Ee tabiki ısrarlarımız üzerine izin verdiler.
Hazırlanmaya başlamıştık. İlk buluşmamızdı , ilk buluşma tabiki de her zamankinden farklı olmak zorunda her zaman.
Heyecandan elim titremesinden hiç bir şey yapamıyordum.
Hazırlanırkende Banu nun bana şöyle yap şunu yap diye akıl vermesine bazen kulak verip dinliyordum.Dar kot pantolonumu giyip üzerime kısa bir gömlek ve uzun düz saçlarımı da omuzlarıma bırakmıştım. Her zaman sadelikten yanaydım.
Tolga ya mesaj atmıştım.
Saat birde parkta buluşalım diye. Artık evden çıkmıştık, Banu ile konuşa konuşa parkın yolunu tutmuştuk.
Parka vardığımızda Tolga bir kamelyaya oturmuş bizi bekliyordu. Banu bana ;—Hadi canım bol şanslar... Diyip yanımdan ayrılmıştı. Bir kelime bile söyleyememiştim. Öylece ayakta kalakaldım.
Tolga beni gördü ve yanıma doğru gelmeye başlamıştı. Kalbimin sesini duyabiliyordum. Ayakta duramayacak kadar bacaklarım titremeye başlamıştı.
Suan yüzümü göremesemde eminim yanaklarım kıpkırmızı kızarmıştı.
Evet yanımdaydı,önüme dikilmiş ve bana masumca gülümsemişti.
Kafamı kaldırıp yüzüne baktığımda onun da nekadar heycanlı olduğunu hissedebiliyordum.Bana
—Merhaba.. Dedi sadece, ben de sadece
—Merhaba ,diyebildim. İki yabancı gibiydik. Normal birşeydi zaten, ilk buluşmamızdı.Siyah saçları ve o simsiyah gözlerin den kendimi alamıyordum.
Zaten beni de kendine aşık eden o güzel gözleri değilmiydi.
Kamelya ya dogru yuruduk, ve oturduk.
Aramızda iki üç kişi daha otururdu. İçim den salak ya hadi ben kızım utanıyorum sen ne diye yanıma oturmuyorsun diye söylenmeye başladım.

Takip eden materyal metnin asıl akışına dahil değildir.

(* Since u <= phi^-1(v) on [0, T], the integrand H is controlled by the majorant:
   H y <= eta(phi^-1 (v y)) (f(T,y) w(phi^-1 (v y)) + g(T,y)). *)
Lemma maj_integrand_le y : 0 <= y <= T ->
  maj_integrand y <= eta (phi_inv phi (majorant y)) *
    (f T y * w (phi_inv phi (majorant y)) + g T y).
Proof.
  intros Hy. pose proof (majorant_gt_x0 y ltac:(lra)).
  assert (Huy : u y <= phi_inv phi (majorant y))
    by (apply phi_inv_ge; [apply Hu_nn; lra | apply u_below_majorant; lra | lra]).
  unfold maj_integrand. pose proof (Hu_nn y ltac:(lra)).
  pose proof (Hf_nn T y HT ltac:(lra)). pose proof (Hg_nn T y HT ltac:(lra)).
  pose proof (Heta_nn (u y) ltac:(lra)). pose proof (Hw_nn (u y) ltac:(lra)).
  assert (eta (u y) <= eta (phi_inv phi (majorant y))) by (apply Heta_mon; auto).
  assert (w (u y) <= w (phi_inv phi (majorant y))) by (apply Hw_mon; auto).
  assert (eta (u y) * w (u y) <= eta (phi_inv phi (majorant y)) * w (phi_inv phi (majorant y)))
    by (apply Rmult_le_compat; auto).
  nra.
Qed.

Section Comparison.

(* On [0, Y] with Y <= T we compare Psi(G(v)) with the integral of f(T, .): the
   auxiliary m(y) = G(v y) + int_y^Y g(T, .) absorbs the g-term, and
   D(y) = Psi(m y) - int_0^y f(T, .) is shown to be nonincreasing. *)
Variable Y : R.
Hypothesis HY : 0 <= Y <= T.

İkimiz de bir kelime konuşmuyorduk. İlk o konuştu ama,—Kaç gün kalcaksınız?
—Galiba üç gün.
—Keşke hep yanımda olsan? Evet yine kıpkırmızı kızarmış ve utanmıştım. Yüzümü önüme eğerek gülümsedim.—Evet.. Evet mi ah salak Sena bu kadar öküz olmak zorunda değilsin.

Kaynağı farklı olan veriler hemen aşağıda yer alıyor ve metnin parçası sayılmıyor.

Lemma acc_finite_spanp U : acc (@zerop _ M) predT -> is_submod U ->
  exists s : seq M, (forall x, x \in s -> x \in U) /\ {subset U <= spanp s}.
Proof.
move=> hacc hU; apply: contrapT => hne.
pose S n := iter n (next_gen U) [::].
have hSU n x : x \in S n -> x \in U.
  elim: n x => //= k IH x; rewrite /next_gen; case: pselect => [h|_]; last exact: IH.
  rewrite inE => /orP[/eqP ->|]; last exact: IH.
  by have /andP[] := xchooseP h.
have hinc n : {subset spanp (S n) <= spanp (S n.+1)}.
  apply: genS => x hx /=; rewrite /next_gen; case: pselect => // h.
  by rewrite inE hx orbT.
have [n hn] := hacc (fun n => spanp (S n)) (fun n => gen_submod _)
  (fun n => zerop_sub (gen_submod _)) (fun n x _ => isT) hinc.
have /not_subsetP[u hu hun] : ~ {subset U <= spanp (S n)}.
  by move=> h; apply: hne; exists (S n); split=> //; apply: hSU.
have := hn n.+1 (leqnSn _); rewrite /= /next_gen.
case: pselect => [h|[]]; last by exists u; rewrite hu.
move=> hsub; have /andP[_ /negP] := xchooseP h; apply; apply: hsub.
by apply: gen_sub; rewrite inE eqxx.
Qed.

Lemma fingen_subm_acc U : acc (@zerop _ M) predT -> is_submod U -> fingen (subm U).
Proof.
move=> hacc hU; have [s [hs hUs]] := acc_finite_spanp hacc hU.
apply: (fingen_subm_span (s := s)); first by move=> x /hs; rewrite gen_id.
by move=> x; rewrite gen_id //; apply: hUs.
Qed.

End NoetherianFinGen.

(** * The radical and the Jacobson radical *)

Notation radm M := (@Defs.rad _ M).
Notation socm M := (@Defs.soc _ M).

Section Radical.
Variables (R : pzRingType) (M : lmodType R).
Implicit Types (N : pred M) (x : M).

Lemma radP x : reflect (forall N, maximal_sub N -> x \in N) (x \in radm M).
Proof. exact: asboolP. Qed.

Lemma submod_rad : is_submod (radm M).
Proof.
split.
- by apply/radP => N [hN _ _]; apply: submod0.
- move=> x y /radP hx /radP hy; apply/radP => N hm.
  by case: (hm) => hN _ _; apply: submodD => //; [apply: hx|apply: hy].
- move=> a x /radP hx; apply/radP => N hm.
  by case: (hm) => hN _ _; apply: submodZ => //; apply: hx.
Qed.

Lemma maximal_cosimple N : maximal_sub N -> cosimple predT N.
Proof.
case=> hN _ hmax L hL hNL _.
by case: (hmax L hL (fun y hy => hNL y (introT andP (conj isT hy)))); [left|right].
Qed.

Lemma cosimple_maximal N x : is_submod N -> cosimple predT N -> x \notin N -> maximal_sub N.
Proof.
move=> hN hcos hxN; split=> //; first by exists x.
move=> K hK hNK.
case: (hcos K hK (fun y hy => hNK y (proj2 (andP hy))) (fun y _ => isT)) => h; [left|right] => //.
by move=> y; apply: h.
Qed.

End Radical.

Arguments submod_rad {R M}.

Section Jacobson.
Variable R : pzRingType.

Neyse ya ne yapayım anlasın oda az çok heycanlıyım. Sus iç ses be.. Kafamı kaldırıp Tolga ya
—Birazcık yürüsekmi?—Peki.. Kalkmış ve çimlerin üzerin de yürümeye başlamıştık.
Parfümünün kokusu beni kendine doğru çekiyordu resmen.

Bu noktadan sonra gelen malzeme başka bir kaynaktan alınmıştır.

(* Let $X$ be a real Banach space. Then $X$ is fully Mazur if and only if $S_1(Y)=X^*$ for every norming and norm-closed linear subspace $Y\subset X^*$.
   Context: For $A\subset X^*$, $S_1(A)$ denotes the set of all limits of $w^*$-convergent sequences contained in $A$. A linear subspace $Y\subset X^*$ is norming if $|||x|||=\sup\{x^*(x): x^*\in Y,\ \|x^*\|\le 1\}$ defines an equivalent norm on $X$. $X$ is fully Mazur if for every norming and norm-closed subspace $Y\subset X^*$, every $w^*$-sequentially continuous linear functional $f:Y\to\mathbb{R}$ is $w^*$-continuous. *)

(* X : completeNormedModType R, R : realType.
   The dual X^* is represented as the set [dual X] of continuous linear
   functionals X -> R (as plain functions). *)
From HB Require Import structures.
From mathcomp Require Import all_boot all_order all_algebra.
From mathcomp Require Import all_classical all_reals all_analysis.
Set Implicit Arguments. Unset Strict Implicit. Unset Printing Implicit Defensive.
Import Order.TTheory GRing.Theory Num.Theory.
Import numFieldNormedType.Exports.
Local Open Scope classical_set_scope.
Local Open Scope ring_scope.

Section Dual.
Variables (R : realType) (X : normedModType R).

Definition is_linear_fun (f : X -> R) : Prop :=
  (forall x y, f (x + y) = f x + f y) /\ (forall (a : R) x, f (a *: x) = a * f x).

Definition dual : set (X -> R) := [set f | is_linear_fun f /\ continuous f].

Definition dual_norm (f : X -> R) : R := sup [set `|f x| | x in [set x : X | `|x| <= 1]].

Definition dual_subspace (Y : set (X -> R)) : Prop :=
  Y `<=` dual /\ Y (fun _ => 0) /\
  (forall f g, Y f -> Y g -> Y (fun x => f x + g x)) /\
  (forall (a : R) f, Y f -> Y (fun x => a * f x)).

Definition norming_norm (Y : set (X -> R)) (x : X) : R :=
  sup [set f x | f in [set f | Y f /\ dual_norm f <= 1]].

Definition norming (Y : set (X -> R)) : Prop :=
  exists c C : R, 0 < c /\ 0 < C /\
    forall x : X, c * `|x| <= norming_norm Y x /\ norming_norm Y x <= C * `|x|.

Definition norm_closed (Y : set (X -> R)) : Prop :=
  forall f, dual f ->
    (forall e : R, 0 < e -> exists g, Y g /\ dual_norm (fun x => f x - g x) < e) ->
    Y f.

Konuşmuyorduk sadece göz göze gelip gülümseyip kafamızı geri çeviriyorduk.
Onun bana aşkla bakması bile beni ona delice bağlamaya yetiyordu. Okul ailelerimiz derken konu açılıp gidiyordu.
Kısa kısa sohbetler edip dolaşıyorduk.
Yanıma iyice yaklaşmıştı. Onun haliyle günlerim geçerken şuan nımdaydı.
Evet derin derin aldığı nefesini hissedecek kadar yanımdaydı. Benimdi , benim kelimesi bile mutlu ediyordu beni.
Elini bana doğru uzattı.
O anne yapacağımı bilemedim sadece yüzüne ve gözlerine dalmıştım. Eliyle elimden tutup beni kendine doğru çekti.
Eminim şuan oda kalbimin sesini duyabilirdi.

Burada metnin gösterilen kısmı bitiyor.